Document Type Variants
Documents of the same type almost always have identical sets of fields, validation rules, and structure. The variants of a single document type can differ slightly, depending, for example, on the year the document was issued. Documents of the same type can be processed by one Document skill trained on different variants of this document type. Vantage and Advanced Designer can handle any number of variants within a document type:- For hundreds of variants, skills trained using Online Learning in Vantage will be able to extract data almost flawlessly.
- For thousands of variants, skills trained using the Deep Learning activity will be able to extract data with an accuracy of approximately 80% to 90%, depending on the complexity of the document types.

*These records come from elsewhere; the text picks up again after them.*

Lemma partials_eq0_const n (f : 'rV[R]_n -> R) :
  (forall x, differentiable f x) ->
  (forall k x, 'D_(delta_mx 0 k) f x = 0) ->
  forall x y, f x = f y.
Proof.
move=> df p0 x y.
have D0 (t : R) : is_derive t 1 (fun s => f (x + s *: (y - x))) 0.
  have := is_derive_line (diff_derivable (df (x + t *: (y - x)))).
  by rewrite derive_row_sum_delta // big1 // => k _; rewrite p0 mulr0.
have := is_derive_0_is_cst 0 1 D0.
by rewrite scale0r scale1r addr0 addrC subrK.
Qed.

End directional_derivatives.

Lemma sym_skew_tensor_eq0 {F : realFieldType} {I : Type} (T : I -> I -> I -> F) :
  (forall k l m, T k l m = - T k m l) -> (forall k l m, T k l m = T m l k) ->
  forall k l m, T k l m = 0.
Proof.
move=> skew sym k l m.
(* T klm = -T kml = -T lmk = T lkm = T mkl = -T mlk = -T klm *)
have := skew k l m; have := sym k m l; have := skew l m k.
have := sym l k m; have := skew m k l; have := sym m l k.
lra.
Qed.

Section orthogonal_matrices.
Context {R : realType}.

Lemma orthomx_entry_le1 n (M : 'M[R]_n) i j : M^T *m M = 1%:M -> `|M i j| <= 1.
Proof.
move=> MTM.
have col1 : \sum_(k < n) M k j ^+ 2 = 1.
  transitivity ((M^T *m M) j j); last by rewrite MTM mxE eqxx.
  by rewrite mxE; apply: eq_bigr => k _; rewrite mxE expr2.
rewrite (bigD1 i) //= in col1.
have rest : 0 <= \sum_(k < n | k != i) M k j ^+ 2.
  by apply: sumr_ge0 => k _; exact: sqr_ge0.
by rewrite ler_norml; apply/andP; split; nra.
Qed.

Lemma derive_orthomx_skew {V : normedModType R} n (Q : V -> 'M[R]_n) (v x : V) l m :
  (forall i j, differentiable (fun y => Q y i j) x) ->
  (forall y, (Q y)^T *m Q y = 1%:M) ->
  \sum_i Q x i l * 'D_v (fun y => Q y i m) x =
    - \sum_i Q x i m * 'D_v (fun y => Q y i l) x.
Proof.
move=> dQ QTQ; apply/eqP; rewrite -addr_eq0 -big_split /=.
pose g := \sum_i ((fun y => Q y i l) * (fun y => Q y i m) : V -> R).
have dg : is_derive x v g
    (\sum_i (Q x i l * 'D_v (fun y => Q y i m) x + Q x i m * 'D_v (fun y => Q y i l) x)).
  by apply: is_derive_sum => i; apply: is_deriveM; exact/derivableP/diff_derivable.
have gE : g = cst ((1%:M : 'M[R]_n) l m).
  rewrite /g fct_sumE; apply/funext => y; rewrite /cst -(QTQ y) mxE.
  by apply: eq_bigr => i _; rewrite mxE.
by rewrite gE in dg; rewrite -(@derive_val _ _ _ _ _ _ _ dg) derive_cst.
Qed.

Lemma orthomx_sym_derive_eq0 n (Q : 'rV[R]_n -> 'M[R]_n) (x : 'rV[R]_n) :
  (forall i j, differentiable (fun y => Q y i j) x) ->
  (forall y, (Q y)^T *m Q y = 1%:M) ->
  (forall i k m, 'D_(delta_mx 0 k) (fun y => Q y i m) x =
                 'D_(delta_mx 0 m) (fun y => Q y i k) x) ->
  forall i k m, 'D_(delta_mx 0 k) (fun y => Q y i m) x = 0.
Proof.
move=> dQ QTQ sym i k m.
pose D k := \matrix_(i, m) 'D_(delta_mx 0 k) (fun y => Q y i m) x.
pose T k l m := \sum_i Q x i l * 'D_(delta_mx 0 k) (fun y => Q y i m) x.
have T0 a b c : T a b c = 0.
  apply: sym_skew_tensor_eq0 => [{}a {}b {}c|{}a {}b {}c].
    exact: derive_orthomx_skew.
  by apply: eq_bigr => i' _; rewrite sym.
have QTD0 : (Q x)^T *m D k = 0.
  apply/matrixP => l m'; rewrite !mxE -[RHS](T0 k l m').
  by apply: eq_bigr => i' _; rewrite !mxE.
have QQT : Q x *m (Q x)^T = 1%:M by apply: mulmx1C.
have : D k = 0 by rewrite -[D k]mul1mx -QQT -mulmxA QTD0 mulmx0.
by move/matrixP => /(_ i m); rewrite !mxE.
Qed.
End orthogonal_matrices.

- For the most essential variants of a document type, skills trained using the Fast Learning and/or the Extraction Rules activities will ensure accurate extraction of data from complex documents.
- For structured documents, which always have the same type of information in the exact same locations, we recommend using up to 10 variants. If a fixed form has many variants, we recommend you treat them all as different document types. For more information, see Processing structured documents.

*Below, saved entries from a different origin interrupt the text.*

(* Suppose Assumptions 1–4 hold. Let $\mathbf{x}$ be a Cournot candidate and $\mathbf{x}^S$ a social optimum, with $X=\sum_n x_n$ and $X^S=\sum_n x^S_n$. If $p(X)\neq p(X^S)$, then $p(X)>p(X^S)$ and $X<X^S$.
   Context: Cournot model: $N$ suppliers, inverse demand $p:[0,\infty)\to[0,\infty)$, supplier $n$ has cost $C_n:[0,\infty)\to[0,\infty)$ and chooses $x_n\ge0$; $X=\sum_n x_n$. $\partial_\pm$ denote right/left derivatives; $C_n'(0)$ is the right derivative at $0$. Assumption 1: each $C_n$ is convex, continuous, nondecreasing on $[0,\infty)$, continuously differentiable on $(0,\infty)$, with $C_n(0)=0$. Assumption 2: $p$ is continuous, nonnegative, nonincreasing, $p(0)>0$; its right derivative at $0$ exists and at every $q>0$ its left and right derivatives exist. Assumption 3: there exists $R>0$ such that $p(R)\le\min_n C_n'(0)$. Assumption 4: $p(0)>\min_n C_n'(0)$. A social optimum is a nonnegative vector maximizing $\int_0^X p(q)\,dq-\sum_n C_n(x_n)$. A nonnegative vector $\mathbf{x}$ is a Cournot candidate if for every $n$: $C_n'(x_n)\le p(X)+x_n\,\partial_-p(X)$ whenever $x_n>0$, and $C_n'(x_n)\ge p(X)+x_n\,\partial_+p(X)$. *)

From Stdlib Require Import Reals Lra.
Open Scope R_scope.

Fixpoint sumR (N : nat) (f : nat -> R) : R :=
  match N with O => 0 | S k => sumR k f + f k end.

Definition right_deriv (f : R -> R) (x l : R) : Prop :=
  forall eps, 0 < eps -> exists delta, 0 < delta /\
    forall h, 0 < h < delta -> Rabs ((f (x + h) - f x) / h - l) < eps.

Definition left_deriv (f : R -> R) (x l : R) : Prop :=
  forall eps, 0 < eps -> exists delta, 0 < delta /\
    forall h, 0 < h < delta -> Rabs ((f x - f (x - h)) / h - l) < eps.

Definition cont_nonneg (f : R -> R) : Prop :=
  forall x, 0 <= x -> forall eps, 0 < eps -> exists delta, 0 < delta /\
    forall y, 0 <= y -> Rabs (y - x) < delta -> Rabs (f y - f x) < eps.

Definition convex_nonneg (f : R -> R) : Prop :=
  forall a b t, 0 <= a -> 0 <= b -> 0 <= t <= 1 ->
    f (t * a + (1 - t) * b) <= t * f a + (1 - t) * f b.

Definition nondecr_nonneg (f : R -> R) : Prop :=
  forall a b, 0 <= a <= b -> f a <= f b.

Definition nonincr_nonneg (f : R -> R) : Prop :=
  forall a b, 0 <= a <= b -> f b <= f a.

(* Assumption 1 for a cost function C with derivative dC
   (dC 0 is the right derivative at 0, dC x the derivative for x > 0). *)
Definition cost_ok (C dC : R -> R) : Prop :=
  convex_nonneg C /\ cont_nonneg C /\ nondecr_nonneg C /\ C 0 = 0 /\
  right_deriv C 0 (dC 0) /\
  (forall x, 0 < x -> derivable_pt_lim C x (dC x)) /\
  (forall x, 0 < x -> continuity_pt dC x).

Definition integral_is (f : R -> R) (a b v : R) : Prop :=
  exists pr : Riemann_integrable f a b, RiemannInt pr = v.

Definition nonneg_vec (N : nat) (x : nat -> R) : Prop :=
  forall n, (n < N)%nat -> 0 <= x n.

Definition social_optimum (N : nat) (p : R -> R) (C : nat -> R -> R)
  (xS : nat -> R) : Prop :=
  nonneg_vec N xS /\
  forall y : nat -> R, nonneg_vec N y ->
    forall vy vS, integral_is p 0 (sumR N y) vy ->
      integral_is p 0 (sumR N xS) vS ->
      vy - sumR N (fun n => C n (y n)) <= vS - sumR N (fun n => C n (xS n)).

(* Cournot candidate; dC n is C_n', dpL / dpR the left/right derivatives of p *)
Definition cournot_candidate (N : nat) (p dpL dpR : R -> R)
  (dC : nat -> R -> R) (x : nat -> R) : Prop :=
  nonneg_vec N x /\
  forall n, (n < N)%nat ->
    (0 < x n -> dC n (x n) <= p (sumR N x) + x n * dpL (sumR N x)) /\
    dC n (x n) >= p (sumR N x) + x n * dpR (sumR N x).

From Stdlib Require Import Reals Lra Lia.
From Coquelicot Require Import Coquelicot.
Open Scope R_scope.

(* Proposition 7: at a Cournot candidate x the price is at least the price at
   a social optimum xS; hence if the two prices differ, p(X) > p(X^S), and then
   X < X^S because p is nonincreasing.

   The price inequality p(X^S) <= p(X) is trivial when X <= X^S.  Otherwise some
   supplier n produces more at x than at xS: a := xS_n < b := x_n.  Then for
   every small h > 0
     p(X^S + h) <= (C_n(a+h) - C_n(a)) / h     (xS cannot gain by raising xS_n)
                <= (C_n(b) - C_n(a)) / (b - a)  (chord slopes of a convex C_n)
                <= C_n'(b) <= p(X)              (Cournot condition, p' <= 0),
   and letting h -> 0 by continuity of p gives p(X^S) <= p(X). *)

Lemma sumR_ext N f g :
  (forall m, (m < N)%nat -> f m = g m) -> sumR N f = sumR N g.
Proof.
  induction N as [|N IH]; intros Hfg; simpl; [reflexivity|].
  rewrite IH by (intros; apply Hfg; lia). rewrite (Hfg N) by lia. reflexivity.
Qed.

Lemma sumR_update N f g n : (n < N)%nat -> (forall m, m <> n -> f m = g m) ->
  sumR N f = sumR N g + (f n - g n).
Proof.
  induction N as [|N IH]; intros Hn Hfg; simpl; [lia|].
  destruct (Nat.eq_dec n N) as [->|Hne].
  - rewrite (sumR_ext N f g) by (intros; apply Hfg; lia). lra.
  - rewrite IH by (auto; lia). rewrite (Hfg N) by auto. lra.
Qed.

Lemma sumR_lt_exists N f g :
  sumR N g < sumR N f -> exists n, (n < N)%nat /\ g n < f n.
Proof.
  induction N as [|N IH]; simpl; intros Hlt; [lra|].
  destruct (Rlt_dec (g N) (f N)) as [HN|HN].
  - exists N; split; [lia | exact HN].
  - destruct IH as [k [Hk Hgk]]; [lra|]. exists k; split; [lia | exact Hgk].
Qed.

Lemma sumR_nonneg N f : nonneg_vec N f -> 0 <= sumR N f.
Proof.
  induction N as [|N IH]; simpl; intros Hf; [lra|].
  assert (0 <= f N) by (apply Hf; lia).
  assert (0 <= sumR N f) by (apply IH; intros k Hk; apply Hf; lia). lra.
Qed.

Lemma sumR_component_le N f n : nonneg_vec N f -> (n < N)%nat -> f n <= sumR N f.
Proof.
  induction N as [|N IH]; simpl; intros Hf Hn; [lia|].
  assert (Hrest : 0 <= sumR N f) by (apply sumR_nonneg; intros k Hk; apply Hf; lia).
  destruct (Nat.eq_dec n N) as [->|Hne]; [lra|].
  assert (0 <= f N) by (apply Hf; lia).
  assert (f n <= sumR N f) by (apply IH; [intros k Hk; apply Hf | ]; lia). lra.
Qed.

Lemma frac_le a b c d : 0 < b -> 0 < d -> a * d <= c * b -> a / b <= c / d.
Proof.
  intros Hb Hd H.
  assert (Ha : a = a / b * b) by (field; lra).
  assert (Hc : c = c / d * d) by (field; lra).
  rewrite Ha, Hc in H.
  apply (Rmult_le_reg_r (b * d)); [nra|]. nra.
Qed.

Definition slope (f : R -> R) (u v : R) : R := (f v - f u) / (v - u).

Lemma convex_three_points f u v w : convex_nonneg f -> 0 <= u -> u < v -> v < w ->
  (w - u) * f v <= (w - v) * f u + (v - u) * f w.
Proof.
  intros Hf Hu Huv Hvw.
  set (t := (w - v) / (w - u)).
  assert (Ht : 0 <= t <= 1).
  { assert (0 < / (w - u)) by (apply Rinv_0_lt_compat; lra).
    assert (Hwu : (w - u) * / (w - u) = 1) by (field; lra).
    unfold t, Rdiv; split; nra. }
  assert (Hv : t * u + (1 - t) * w = v) by (unfold t; field; lra).
  pose proof (Hf u w t Hu ltac:(lra) Ht) as Hconv. rewrite Hv in Hconv.
  replace ((w - v) * f u + (v - u) * f w)
    with ((w - u) * (t * f u + (1 - t) * f w)) by (unfold t; field; lra).
  apply Rmult_le_compat_l; lra.
Qed.

Lemma slope_le_left f u v w : convex_nonneg f -> 0 <= u -> u < v -> v < w ->
  slope f u v <= slope f u w.
Proof.
  intros Hf Hu Huv Hvw. pose proof (convex_three_points f u v w Hf Hu Huv Hvw).
  unfold slope; apply frac_le; lra.
Qed.

Lemma slope_le_right f u v w : convex_nonneg f -> 0 <= u -> u < v -> v < w ->
  slope f u w <= slope f v w.
Proof.
  intros Hf Hu Huv Hvw. pose proof (convex_three_points f u v w Hf Hu Huv Hvw).
  unfold slope; apply frac_le; lra.
Qed.

Lemma slope_le_deriv f a b l : convex_nonneg f -> 0 <= a -> a < b ->
  derivable_pt_lim f b l -> slope f a b <= l.
Proof.
  intros Hf Ha Hab Hl. apply Rle_plus_epsilon; intros eps Heps.
  destruct (Hl eps Heps) as [delta Hdelta].
  set (k := Rmin (delta / 2) ((b - a) / 2)).
  assert (Hk : 0 < k < delta /\ k < b - a).
  { pose proof (cond_pos delta). unfold k, Rmin; destruct Rle_dec; lra. }
  assert (Hquot : Rabs ((f (b + - k) - f b) / - k - l) < eps).
  { apply Hdelta; [lra|]. rewrite Rabs_Ropp, Rabs_right; lra. }
  replace ((f (b + - k) - f b) / - k) with (slope f (b - k) b) in Hquot
    by (unfold slope; replace (b + - k) with (b - k) by ring; field; lra).
  apply Rabs_def2 in Hquot.
  pose proof (slope_le_right f a (b - k) b Hf Ha ltac:(lra) ltac:(lra)). lra.
Qed.

Lemma left_deriv_nonincr_nonpos p X l :
  nonincr_nonneg p -> 0 < X -> left_deriv p X l -> l <= 0.
Proof.
  intros Hp HX Hl. apply Rle_plus_epsilon; intros eps Heps.
  destruct (Hl eps Heps) as [delta [Hdelta Hquot]].
  set (h := Rmin (delta / 2) X).
  assert (Hh : 0 < h < delta /\ h <= X)
    by (unfold h, Rmin; destruct Rle_dec; lra).
  specialize (Hquot h ltac:(lra)). apply Rabs_def2 in Hquot.
  assert (Hdrop : (p X - p (X - h)) / h <= 0).
  { assert (p X <= p (X - h)) by (apply Hp; lra).
    assert (0 < / h) by (apply Rinv_0_lt_compat; lra).
    unfold Rdiv; nra. }
  lra.
Qed.

Lemma le_of_right_bound p x c M : cont_nonneg p -> 0 <= x -> 0 < c ->
  (forall h, 0 < h < c -> p (x + h) <= M) -> p x <= M.
Proof.
  intros Hp Hx Hc Hbound. apply Rle_plus_epsilon; intros eps Heps.
  destruct (Hp x Hx eps Heps) as [delta [Hdelta Hclose]].
  set (h := Rmin (delta / 2) (c / 2)).
  assert (Hh : 0 < h < delta /\ h < c)
    by (unfold h, Rmin; destruct Rle_dec; lra).
  assert (Hph : Rabs (p (x + h) - p x) < eps).
  { apply Hclose; [lra|]. replace (x + h - x) with h by ring.
    rewrite Rabs_right; lra. }
  apply Rabs_def2 in Hph. pose proof (Hbound h ltac:(lra)). lra.
Qed.

Lemma ex_RInt_cont_nonneg p b : cont_nonneg p -> 0 <= b -> ex_RInt p 0 b.
Proof.
  intros Hp Hb.
  apply (ex_RInt_ext (fun t => p (Rmax 0 t))).
  { intros t Ht. rewrite Rmin_left in Ht by lra. rewrite Rmax_right in Ht by lra.
    rewrite Rmax_right by lra. reflexivity. }
  apply (@ex_RInt_continuous R_CompleteNormedModule). intros z _.
  apply continuity_pt_filterlim.
  unfold continuity_pt, continue_in, limit1_in, limit_in; simpl; unfold R_dist.
  intros eps Heps.
  destruct (Hp (Rmax 0 z) (Rmax_l 0 z) eps Heps) as [delta [Hdelta Hclose]].
  exists delta; split; [exact Hdelta|]. intros y [_ Hy].
  apply Hclose; [apply Rmax_l|].
  assert (Rabs (Rmax 0 y - Rmax 0 z) <= Rabs (y - z))
    by (unfold Rmax; destruct (Rle_dec 0 y); destruct (Rle_dec 0 z);
        unfold Rabs; repeat destruct Rcase_abs; lra).
  lra.
Qed.

Lemma integral_is_RInt p b : cont_nonneg p -> 0 <= b -> integral_is p 0 b (RInt p 0 b).
Proof.
  intros Hp Hb. exists (ex_RInt_Reals_0 _ _ _ (ex_RInt_cont_nonneg p b Hp Hb)).
  symmetry; apply RInt_Reals.
Qed.

Lemma RInt_increment_ge p b h : cont_nonneg p -> nonincr_nonneg p -> 0 <= b -> 0 < h ->
  h * p (b + h) <= RInt p 0 (b + h) - RInt p 0 b.
Proof.
  intros Hp Hdec Hb Hh.
  assert (I0b : ex_RInt p 0 b) by (apply ex_RInt_cont_nonneg; auto).
  assert (I0bh : ex_RInt p 0 (b + h)) by (apply ex_RInt_cont_nonneg; auto; lra).
  assert (Ibbh : ex_RInt p b (b + h)) by (apply (ex_RInt_Chasles_2 p 0); auto; lra).
  pose proof (RInt_Chasles p 0 b (b + h) I0b Ibbh) as Hchasles.
  assert (Hlow : RInt (fun _ => p (b + h)) b (b + h) <= RInt p b (b + h)).
  { apply RInt_le; [lra | apply ex_RInt_const | exact Ibbh |].
    intros t Ht. apply Hdec; lra. }
  rewrite RInt_const in Hlow.
  unfold scal, plus in *; simpl in *; unfold mult in Hlow; simpl in Hlow.
  replace (b + h - b) with h in Hlow by ring. lra.
Qed.

Definition raise (y : nat -> R) (n : nat) (h : R) : nat -> R :=
  fun m => if Nat.eq_dec m n then y m + h else y m.

Section Market.

Variables (N : nat) (p dpL dpR : R -> R) (C dC : nat -> R -> R).
Hypothesis Hpc : cont_nonneg p.
Hypothesis Hpdec : nonincr_nonneg p.

(* At a social optimum, the welfare gain of raising supplier n by h is
   nonpositive; bounding the extra consumer surplus below by h p(X^S + h)
   gives a bound of the marginal benefit by the marginal cost. *)
Lemma social_optimum_marginal xS n h : social_optimum N p C xS -> (n < N)%nat -> 0 < h ->
  h * p (sumR N xS + h) <= C n (xS n + h) - C n (xS n).
Proof.
  intros [HSnn HSopt] Hn Hh.
  set (y := raise xS n h).
  assert (Hraise : forall m, m <> n -> y m = xS m)
    by (intros m Hm; unfold y, raise; destruct Nat.eq_dec; congruence).
  assert (Hyn : y n = xS n + h)
    by (unfold y, raise; destruct Nat.eq_dec; congruence).
  assert (Hy : nonneg_vec N y).
  { intros m Hm. destruct (Nat.eq_dec m n) as [->|Hne].
    - rewrite Hyn. pose proof (HSnn n Hm). lra.
    - rewrite Hraise by exact Hne. apply HSnn, Hm. }
  assert (Hsum : sumR N y = sumR N xS + h)
    by (rewrite (sumR_update N y xS n Hn Hraise), Hyn; ring).
  assert (Hcost : sumR N (fun m => C m (y m)) =
                  sumR N (fun m => C m (xS m)) + (C n (xS n + h) - C n (xS n))).
  { rewrite (sumR_update N (fun m => C m (y m)) (fun m => C m (xS m)) n Hn)
      by (intros m Hm; rewrite Hraise by exact Hm; reflexivity).
    rewrite Hyn; reflexivity. }
  assert (HXS : 0 <= sumR N xS) by (apply sumR_nonneg, HSnn).
  pose proof (HSopt y Hy _ _
    (integral_is_RInt p (sumR N y) Hpc ltac:(rewrite Hsum; lra))
    (integral_is_RInt p (sumR N xS) Hpc HXS)) as Hwelfare.
  rewrite Hcost, Hsum in Hwelfare.
  pose proof (RInt_increment_ge p (sumR N xS) h Hpc Hpdec HXS Hh). lra.
Qed.

Hypothesis HdpL : forall q, 0 < q -> left_deriv p q (dpL q).

(* At a Cournot candidate, an active supplier's marginal cost is at most the
   price, since the left derivative of p is nonpositive. *)
Lemma cournot_marginal_cost_le_price x n : cournot_candidate N p dpL dpR dC x ->
  (n < N)%nat -> 0 < x n -> dC n (x n) <= p (sumR N x).
Proof.
  intros [Hxnn Hfoc] Hn Hxn.
  assert (HX : 0 < sumR N x) by (pose proof (sumR_component_le N x n Hxnn Hn); lra).
  pose proof (left_deriv_nonincr_nonpos p _ _ Hpdec HX (HdpL _ HX)).
  destruct (Hfoc n Hn) as [Hupper _]. specialize (Hupper Hxn). nra.
Qed.

Hypothesis HC : forall n, (n < N)%nat -> cost_ok (C n) (dC n).

Lemma optimum_price_le_cournot_price x xS :
  cournot_candidate N p dpL dpR dC x -> social_optimum N p C xS ->
  p (sumR N xS) <= p (sumR N x).
Proof.
  intros Hx HxS.
  assert (HXS : 0 <= sumR N xS) by (apply sumR_nonneg, (proj1 HxS)).
  destruct (Rle_dec (sumR N x) (sumR N xS)) as [Hle|Hgt].
  { apply Hpdec; split; [apply sumR_nonneg, (proj1 Hx) | exact Hle]. }
  destruct (sumR_lt_exists N x xS ltac:(lra)) as [n [Hn Hlt]].
  assert (Ha : 0 <= xS n) by (apply (proj1 HxS), Hn).
  destruct (HC n Hn) as [Hconv [_ [_ [_ [_ [Hderiv _]]]]]].
  apply (le_of_right_bound p _ (x n - xS n) _ Hpc HXS ltac:(lra)).
  intros h Hh.
  assert (Hmarg : p (sumR N xS + h) <= slope (C n) (xS n) (xS n + h)).
  { unfold slope; replace (xS n + h - xS n) with h by ring.
    pose proof (social_optimum_marginal xS n h HxS Hn ltac:(lra)).
    apply (Rmult_le_reg_r h); [lra|].
    unfold Rdiv; rewrite Rmult_assoc, Rinv_l by lra. lra. }
  pose proof (slope_le_left (C n) (xS n) (xS n + h) (x n) Hconv Ha ltac:(lra) ltac:(lra)).
  pose proof (slope_le_deriv (C n) (xS n) (x n) (dC n (x n)) Hconv Ha Hlt
               (Hderiv (x n) ltac:(lra))).
  pose proof (cournot_marginal_cost_le_price x n Hx Hn ltac:(lra)).
  lra.
Qed.

End Market.

Theorem proposition7
  (N : nat) (HN : (0 < N)%nat)
  (p dpL dpR : R -> R) (C dC : nat -> R -> R)
  (* Assumption 1 *)
  (HC : forall n, (n < N)%nat -> cost_ok (C n) (dC n))
  (* Assumption 2 *)
  (Hpc : cont_nonneg p) (Hpnn : forall q, 0 <= q -> 0 <= p q)
  (Hpdec : nonincr_nonneg p) (Hp0 : 0 < p 0)
  (HdpR : forall q, 0 <= q -> right_deriv p q (dpR q))
  (HdpL : forall q, 0 < q -> left_deriv p q (dpL q))
  (* Assumption 3 *)
  (HA3 : exists Rb, 0 < Rb /\ forall n, (n < N)%nat -> p Rb <= dC n 0)
  (* Assumption 4 *)
  (HA4 : exists n, (n < N)%nat /\ dC n 0 < p 0)
  (x xS : nat -> R)
  (Hx : cournot_candidate N p dpL dpR dC x)
  (HxS : social_optimum N p C xS) :
  p (sumR N x) <> p (sumR N xS) ->
  p (sumR N x) > p (sumR N xS) /\ sumR N x < sumR N xS.
Proof.
  intros Hne.
  pose proof (optimum_price_le_cournot_price N p dpL dpR C dC Hpc Hpdec HdpL HC
                x xS Hx HxS) as Hprice.
  assert (Hgt : p (sumR N x) > p (sumR N xS)) by lra.
  split; [exact Hgt|].
  destruct (Rlt_dec (sumR N x) (sumR N xS)) as [Hlt|Hge]; [exact Hlt|].
  assert (p (sumR N x) <= p (sumR N xS)).
  { apply Hpdec; split; [apply sumR_nonneg, (proj1 HxS) | lra]. }
  lra.
Qed.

Training and Testing a Document Skill
For best extraction results, we recommend training and testing a Document skill using three different document sets:- Training set
- Test set
- Blind set (an additional test set that contains sample documents not included in any of the two sets above)
Training Set Requirements
For a training set, use a representative document set containing at least 2-3 sample documents for each variant. If there are a lot of variants and the set does not contain at least one sample document of each, consider using the Deep Learning activity. This activity understands image patterns, the structure of documents, field contents, and surrounding labels and can process variants which were not used in training. The number of sample documents for the activities depends on the technologies you use in your Document skill:- Deep Learning activity for semi-structured documents:
- For high-variability documents: At least 200-300 sample documents (2-3 sample documents per variant) are required.
- For low-variability documents: A minimum of 10 sample documents (2-3 sample document per variant) are required.
- Segmentation activity:
- For high-variability documents, we recommend having at least sample 100 documents.
- For low-variability documents, we recommend having at least 20 sample documents.
- Deep Learning for NLP activity:
- For high-variability documents: At least 150 sample documents (2-3 sample documents per variant) are required.
- For low-variability documents: You can start training with one sample document, but at least 2-3 sample documents per variant are required.
Even if you don’t have the recommended number of sample documents, having one sample document per variant is better than none at all.
Test Set Requirements
For a test set, sample document distribution must be similar to that in the actual flow of documents in production. This will ensure that the accuracy estimate is valid. For example, if invoices from a particular vendor account for 30% of the production document flow, about 30% of the sample documents in the test set should be from that vendor. You can also achieve the required ratio by testing your skill on random samples of documents from the production document flow.Blind Set Requirements
For a blind set, be sure to use documents that have not already been used for training or testing your skill. The extraction results obtained on a blind set will help you evaluate the quality of your skill.Be sure to use different documents for training and testing your skill.
Configuring a Document Skill
After you create a Document skill on the start page, follow these steps to configure your skill:- Click the settings button next to the skill name to view and adjust the skill settings.
- On the Documents tab, upload some documents.
- On the Fields tab, label the data fields from which values will be extracted, specifying their locations.
- On the Activities tab, configure the document processing flow.
- On the Results tab, test your skill to see how well it performs on sample documents.
- On the Publish tab, publish your skill.